The intersection around the corner from my house would have stumped Buelah. I imagine she’d have us overshoot this corner altogether, and loop down around the end of the block and come back on another street entirely--doubling the length of the walk. There’s no good way to do it, being that we have to cross two one-way streets--each one full of turning cars obeying their own green lights and conflicting with our own obedient paths.

So, operating on the its-out-of-my-hands theory we just cross the street. And on this particular afternoon I was struck with a very vivid thought. One of those twenty-minutes-of-plot-and-imagery- in-a-split-second kinds of thoughts. The thought was that my children and I would all be annihilated by a speeding, turning SUV. And that this would be horrible news for Joe, who was doing the taxes in another part of town. And people were sad and it was tragic, and a year from now, Joe would have to be doing the taxes again. And it would be so weird and awful for him. I wonder how his loss would show up on the form. Is there a box to check? But he would have to do it. Because life (his life) would go on.

So that’s the little story that crossed my mind as we crossed, safely, to the other side, and then we got home, and I forgot all about us dying and Joe doing the taxes next year after we’d died, because we’d already moved on to more pressing matters like muddy shoes and homework.
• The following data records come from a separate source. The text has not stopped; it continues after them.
(* $\mathfrak{L}(\mathbb{Q}^+) \subsetneq \mathfrak{L}(SL(2,\mathbb{Q}))$.
   Context: For a group $G$ with identity $e$, a $G$-automaton is a tuple $(Q,\Sigma,G,\delta,q_0,Q_a)$ where $Q$ is a finite set of states, $\Sigma$ a finite input alphabet, $q_0\in Q$ the initial state, $Q_a\subseteq Q$ the accepting states, and $\delta$ assigns to each $(q,\sigma)\in Q\times(\Sigma\cup\{\varepsilon\})$ a finite set of pairs $(q',m)\in Q\times G$. The register holds an element of $G$, initially $e$; using a transition $(q',m)\in\delta(q,\sigma)$ the automaton reads $\sigma$ (or nothing), moves to $q'$ and replaces the register content $x$ by $xm$. A word is accepted if some computation reads it entirely and ends in an accepting state with register equal to $e$. $\mathfrak{L}(G)$ is the class of languages recognized by $G$-automata. $\mathbb{Q}^+$ is the multiplicative group of positive rationals; $SL(2,\mathbb{Q})$ is the group of $2\times2$ rational matrices of determinant $1$. *)

From HB Require Import structures.
From mathcomp Require Import all_boot all_order all_algebra.
Set Implicit Arguments. Unset Strict Implicit. Unset Printing Implicit Defensive.
Import Order.TTheory GRing.Theory Num.Theory.
Local Open Scope ring_scope.

(* A G-automaton, where the group G is given as a subgroup (predicate) of the
   multiplicative monoid of a ring M; the register lives in M, starts at 1 and
   every transition label is required to lie in G (so the register stays in G
   and multiplication is the group multiplication of G). *)
Record gaut (M : eqType) (Sigma : eqType) := GAut {
  state : finType;
  init : state;
  acc : pred state;
  trans : seq (state * option Sigma * state * M)
}.

Inductive run (M : nzRingType) (Sigma : eqType) (A : gaut M Sigma)
  : state A -> seq Sigma -> state A -> M -> Prop :=
| run_nil p : @run M Sigma A p [::] p 1
| run_read p a p' m w q x :
    (p, Some a, p', m) \in @trans M Sigma A ->
    @run M Sigma A p' w q x -> @run M Sigma A p (a :: w) q (m * x)
| run_eps p p' m w q x :
    (p, None, p', m) \in @trans M Sigma A ->
    @run M Sigma A p' w q x -> @run M Sigma A p w q (m * x).

Definition accepts (M : nzRingType) (Sigma : eqType) (A : gaut M Sigma)
  (w : seq Sigma) : Prop :=
  exists q, @run M Sigma A (@init M Sigma A) w q 1 /\ @acc M Sigma A q.

Definition is_gaut (M : nzRingType) (G : pred M) (Sigma : eqType)
  (A : gaut M Sigma) : Prop :=
  forall t, t \in @trans M Sigma A -> G t.2.

Definition in_LG (M : nzRingType) (G : pred M) (Sigma : finType)
  (L : seq Sigma -> Prop) : Prop :=
  exists A : gaut M Sigma, is_gaut G A /\ forall w, L w <-> accepts A w.

Definition Qpos : pred rat := fun q => 0 < q.

Definition SL2Q : pred 'M[rat]_2 := fun A => \det A == 1.

From mathcomp Require Import all_boot all_order all_algebra.
From mathcomp Require Import zify ring lra.
Set Implicit Arguments. Unset Strict Implicit. Unset Printing Implicit Defensive.
Import Order.TTheory GRing.Theory Num.Theory.
Local Open Scope ring_scope.

(* The embedding q |-> diag(q, q^-1) of Q^+ into SL(2,Q) is a monoid morphism
   whose only preimage of 1 is 1, so relabelling the transitions of a
   Q^+-automaton along it preserves the language.

   Strictness is witnessed by the even palindromes u (rev u) over {a, b}.  Over
   SL(2,Q) an automaton reads u multiplying by the free generators
   [[1,2],[0,1]] and [[1,0],[2,1]], guesses the middle, and reads the rest
   multiplying by their inverses; by ping-pong the register returns to 1 exactly
   when the second half is the reverse of the first.  Over a commutative register
   no automaton works: feed it u (rev u) with u = b (a b) (a a b) ... made of
   m = 2|Q| distinct blocks; the run visits some state at three of the m + 1
   block boundaries i < j < k, and swapping the loops u[i,j) and u[j,k) gives
   an accepted word with the same register value that is no longer an even
   palindrome. *)

Section Runs.
Variables (M : nzRingType) (Sigma : eqType) (A : gaut M Sigma).

Lemma run_cat p w1 r x1 w2 q x2 :
  run (A:=A) p w1 r x1 -> run (A:=A) r w2 q x2 ->
  run (A:=A) p (w1 ++ w2) q (x1 * x2).
Proof.
elim=> [p0 | p0 a p' m w r0 x tr _ IH | p0 p' m w r0 x tr _ IH] R2.
- by rewrite mul1r.
- by rewrite -mulrA; apply: run_read tr (IH R2).
- by rewrite -mulrA; apply: run_eps tr (IH R2).
Qed.

Lemma run_catP p w1 w2 q x : run (A:=A) p (w1 ++ w2) q x ->
  exists r x1 x2,
    [/\ run (A:=A) p w1 r x1, run (A:=A) r w2 q x2 & x = x1 * x2].
Proof.
move Ew : (w1 ++ w2) => w R; elim: R w1 Ew => {p w q x}
  [p | p a p' m w q x tr R IH | p p' m w q x tr R IH] w1 Ew.
- case: w1 Ew => [|//] /= ->.
  by exists p, 1, 1; rewrite mulr1; split=> //; exact: run_nil.
- case: w1 Ew => [|b w1] /= Ew.
    exists p, 1, (m * x); rewrite mul1r Ew.
    by split=> //; [exact: run_nil | exact: run_read tr R].
  case: Ew => -> /IH [r [x1 [x2 [R1 R2 ->]]]].
  by exists r, (m * x1), x2; rewrite mulrA; split=> //; exact: run_read tr R1.
- have [r [x1 [x2 [R1 R2 ->]]]] := IH w1 Ew.
  by exists r, (m * x1), x2; rewrite mulrA; split=> //; exact: run_eps tr R1.
Qed.

Lemma run_bigcatP (ws : nat -> seq Sigma) n p w q x :
  run (A:=A) p (\big[cat/[::]]_(0 <= i < n) ws i ++ w) q x ->
  exists (st : nat -> state A) (v : nat -> M) y,
    [/\ st 0%N = p,
        forall i, (i < n)%N -> run (A:=A) (st i) (ws i) (st i.+1) (v i),
        run (A:=A) (st n) w q y
      & x = \prod_(0 <= i < n) v i * y].
Proof.
elim: n w q x => [|n IH] w q x.
  rewrite big_geq // => R; exists (fun=> p), (fun=> 1), x.
  by rewrite big_geq // mul1r.
rewrite big_nat_recr //= -catA.
move=> /IH [st [v [y [st0 Rws /run_catP [r [y1 [y2 [R1 R2 ->]]]] ->]]]].
exists (fun i => if i == n.+1 then r else st i).
exists (fun i => if i == n then y1 else v i), y2.
split=> //.
- move=> i; rewrite ltnS leq_eqVlt => /predU1P [-> | lt_in].
    by rewrite (ltn_eqF (ltnSn n)) !eqxx.
  by rewrite (ltn_eqF (leqW lt_in)) eqSS (ltn_eqF lt_in); exact: Rws.
- by rewrite eqxx.
- rewrite big_nat_recr //= eqxx mulrA; congr (_ * _ * _).
  by apply: eq_big_nat => i /andP [_ /ltn_eqF ->].
Qed.

Lemma run_bigcat (ws : nat -> seq Sigma) (st : nat -> state A) (v : nat -> M) n :
  (forall i, (i < n)%N -> run (A:=A) (st i) (ws i) (st i.+1) (v i)) ->
  forall a b, (a <= b <= n)%N ->
  run (A:=A) (st a) (\big[cat/[::]]_(a <= i < b) ws i) (st b)
    (\prod_(a <= i < b) v i).
Proof.
move=> Rws a; elim=> [|b IH] /andP [le_ab le_bn].
  by move: le_ab; rewrite leqn0 => /eqP ->; rewrite !big_geq //; exact: run_nil.
move: le_ab; rewrite leq_eqVlt => /predU1P [-> | lt_ab].
  by rewrite !big_geq //; exact: run_nil.
rewrite !big_nat_recr //=; apply: run_cat (Rws _ le_bn).
by apply: IH; rewrite -ltnS lt_ab ltnW.
Qed.

End Runs.

Lemma run_swap_loops (M : comNzRingType) (Sigma : eqType) (A : gaut M Sigma)
    p s q w0 w1 w2 w3 x0 x1 x2 x3 :
  run (A:=A) p w0 s x0 -> run (A:=A) s w1 s x1 -> run (A:=A) s w2 s x2 ->
  run (A:=A) s w3 q x3 ->
  run (A:=A) p (w0 ++ w2 ++ w1 ++ w3) q (x0 * x1 * x2 * x3).
Proof.
move=> R0 R1 R2 R3; have := run_cat R0 (run_cat R2 (run_cat R1 R3)).
by rewrite !mulrA (mulrAC x0).
Qed.

Section MorphicImage.
Variables (M N : nzRingType) (f : M -> N).
Hypotheses (f_monoid : monoid_morphism f) (f_eq1 : forall x, f x = 1 -> x = 1).

Definition gaut_map (Sigma : eqType) (A : gaut M Sigma) : gaut N Sigma :=
  GAut (init A) (@acc _ _ A) [seq (t.1, f t.2) | t <- trans A].

Variables (Sigma : eqType) (A : gaut M Sigma).

Lemma mem_trans_map t : t \in trans A -> (t.1, f t.2) \in trans (gaut_map A).
Proof. exact: map_f. Qed.

Lemma run_map p w q x : run (A:=A) p w q x -> run (A:=gaut_map A) p w q (f x).
Proof.
case: f_monoid => f1 fM.
elim=> [p0 | p0 a p' m w0 q0 x0 tr _ IH | p0 p' m w0 q0 x0 tr _ IH]; rewrite ?f1 ?fM.
- exact: run_nil.
- exact: run_read (mem_trans_map tr) IH.
- exact: run_eps (mem_trans_map tr) IH.
Qed.

Lemma run_mapP p w q X : run (A:=gaut_map A) p w q X ->
  exists2 x, run (A:=A) p w q x & X = f x.
Proof.
case: f_monoid => f1 fM.
elim=> [p0 | p0 a p' m w0 q0 x0 tr _ [x R ->] | p0 p' m w0 q0 x0 tr _ [x R ->]].
- by exists 1; [exact: run_nil | rewrite f1].
- case/mapP: tr => -[t0 m0] tr [Et ->]; subst t0.
  by exists (m0 * x); [exact: run_read tr R | rewrite fM].
- case/mapP: tr => -[t0 m0] tr [Et ->]; subst t0.
  by exists (m0 * x); [exact: run_eps tr R | rewrite fM].
Qed.

Lemma accepts_map w : accepts (gaut_map A) w <-> accepts A w.
Proof.
split=> [[q [/run_mapP [x R /esym/f_eq1 x1] acc_q]] | [q [/run_map R acc_q]]].
  by exists q; rewrite -x1.
by exists q; case: f_monoid R => -> _.
Qed.

End MorphicImage.

Lemma in_LG_map (M N : nzRingType) (f : M -> N) (G : pred M) (H : pred N)
    (Sigma : finType) (L : seq Sigma -> Prop) :
  monoid_morphism f -> (forall x, f x = 1 -> x = 1) -> (forall x, G x -> H (f x)) ->
  in_LG G L -> in_LG H L.
Proof.
move=> f_monoid f_eq1 fGH [A [GA LA]]; exists (gaut_map f A); split.
  by move=> t /mapP [t0 /GA G_t0 ->]; exact: fGH.
by move=> w; rewrite LA accepts_map.
Qed.

Definition even_palindrome (T : Type) (w : seq T) : Prop := exists u, w = u ++ rev u.

Lemma even_palindrome_cat_rev (T : eqType) (x y : seq T) :
  size x = size y -> even_palindrome (x ++ rev y) -> x = y.
Proof.
move=> size_xy [u E]; have size_ux : size u = size x.
  by have := congr1 size E; rewrite !size_cat !size_rev size_xy; lia.
move/eqP: E; rewrite eqseq_cat; last by rewrite size_ux.
by case/andP => /eqP -> /eqP/(can_inj revK) ->.
Qed.

Section Palindromes.
Variables (R : unitRingType) (Sigma : finType) (g : Sigma -> R).
Hypothesis g_unit : forall a, g a \is a GRing.unit.

Definition pal_trans : seq (bool * option Sigma * bool * R) :=
  [seq (false, Some a, false, g a) | a <- enum Sigma] ++
  (false, None, true, 1) :: [seq (true, Some a, true, (g a)^-1) | a <- enum Sigma].

Definition pal_gaut : gaut R Sigma := @GAut _ _ bool false idfun pal_trans.

Lemma pal_trans_read p a p' m : (p, Some a, p', m) \in pal_trans ->
  p' = p /\ m = if p then (g a)^-1 else g a.
Proof.
rewrite mem_cat inE.
by case/or3P=> [/mapP [b _ [-> -> -> ->]] | /eqP [] | /mapP [b _ [-> -> -> ->]]].
Qed.

Lemma pal_trans_eps p p' m : (p, None, p', m) \in pal_trans ->
  [/\ p = false, p' = true & m = 1].
Proof.
by rewrite mem_cat inE => /or3P [/mapP [b _ []] | /eqP [-> -> ->] | /mapP [b _ []]].
Qed.

Lemma pal_runP p w q x : run (A:=pal_gaut) p w q x ->
  if p then q = true /\ x = \prod_(a <- w) (g a)^-1
  else (q = false /\ x = \prod_(a <- w) g a) \/
       (q = true /\ exists u v,
          w = u ++ v /\ x = \prod_(a <- u) g a * \prod_(a <- v) (g a)^-1).
Proof.
elim=> [[] | p0 a p' m w0 q0 x0 /pal_trans_read [-> ->] _ IH
           | p0 p' m w0 q0 x0 /pal_trans_eps [-> -> ->] _ IH].
- by rewrite big_nil.
- by left; rewrite big_nil.
- case: p0 IH => [[-> ->] | [[-> ->] | [-> [u [v [-> ->]]]]]]; rewrite ?big_cons //.
    by left.
  by right; split=> //; exists (a :: u), v; rewrite big_cons mulrA.
- by case: IH => -> ->; right; split=> //; exists [::], w0; rewrite big_nil mul1r.
Qed.

Lemma run_pal_left u : run (A:=pal_gaut) false u false (\prod_(a <- u) g a).
Proof.
elim: u => [|a u IH]; first by rewrite big_nil; apply: run_nil.
by rewrite big_cons; apply: run_read IH; rewrite mem_cat map_f ?mem_enum.
Qed.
And we didn’t hear any loud noises, even though the intersection’s pretty close. But about ten minutes later a babysitter dropped by to tell me about the big car crash there on the corner. Something about a limousine up on the sidewalk and of course I don’t know if it’s the old-fashioned definition of limousine which is a long fancy car, or the Brooklyn definition of limousine which is any sedan with a T and an L on its plates. But I went to check it out.

As I stood there among the dirt and debris, I came face to face with several things.

1. a humbling version of ‘wow we were just here,’

2. a chilling version of ‘wow we were just here,’

3. an eerily ho-hum version of ‘wow we were just here,’ and

4. the sickening reminder of the little wandering thought I’d had about Joe having to do the taxes this time next year. And how we’d all be dead. And how he’d still have paperwork to do. And how he might not be able to claim us anymore.
And that that entire image had been in my head in such detail, as I’d ushered my kids across the street just minutes before some kind of limo lost control.

2 comments:

Sarah Thompson said...

Love your blog. Thanks for writing so honestly and making your voice heard for all moms.

Your son should be happy to hear... there really are going to be R2D2 mailboxes - view pictures at the link.

Anonymous said...

I have this crazy feeling this is as much of a bullshit story as the AG story was.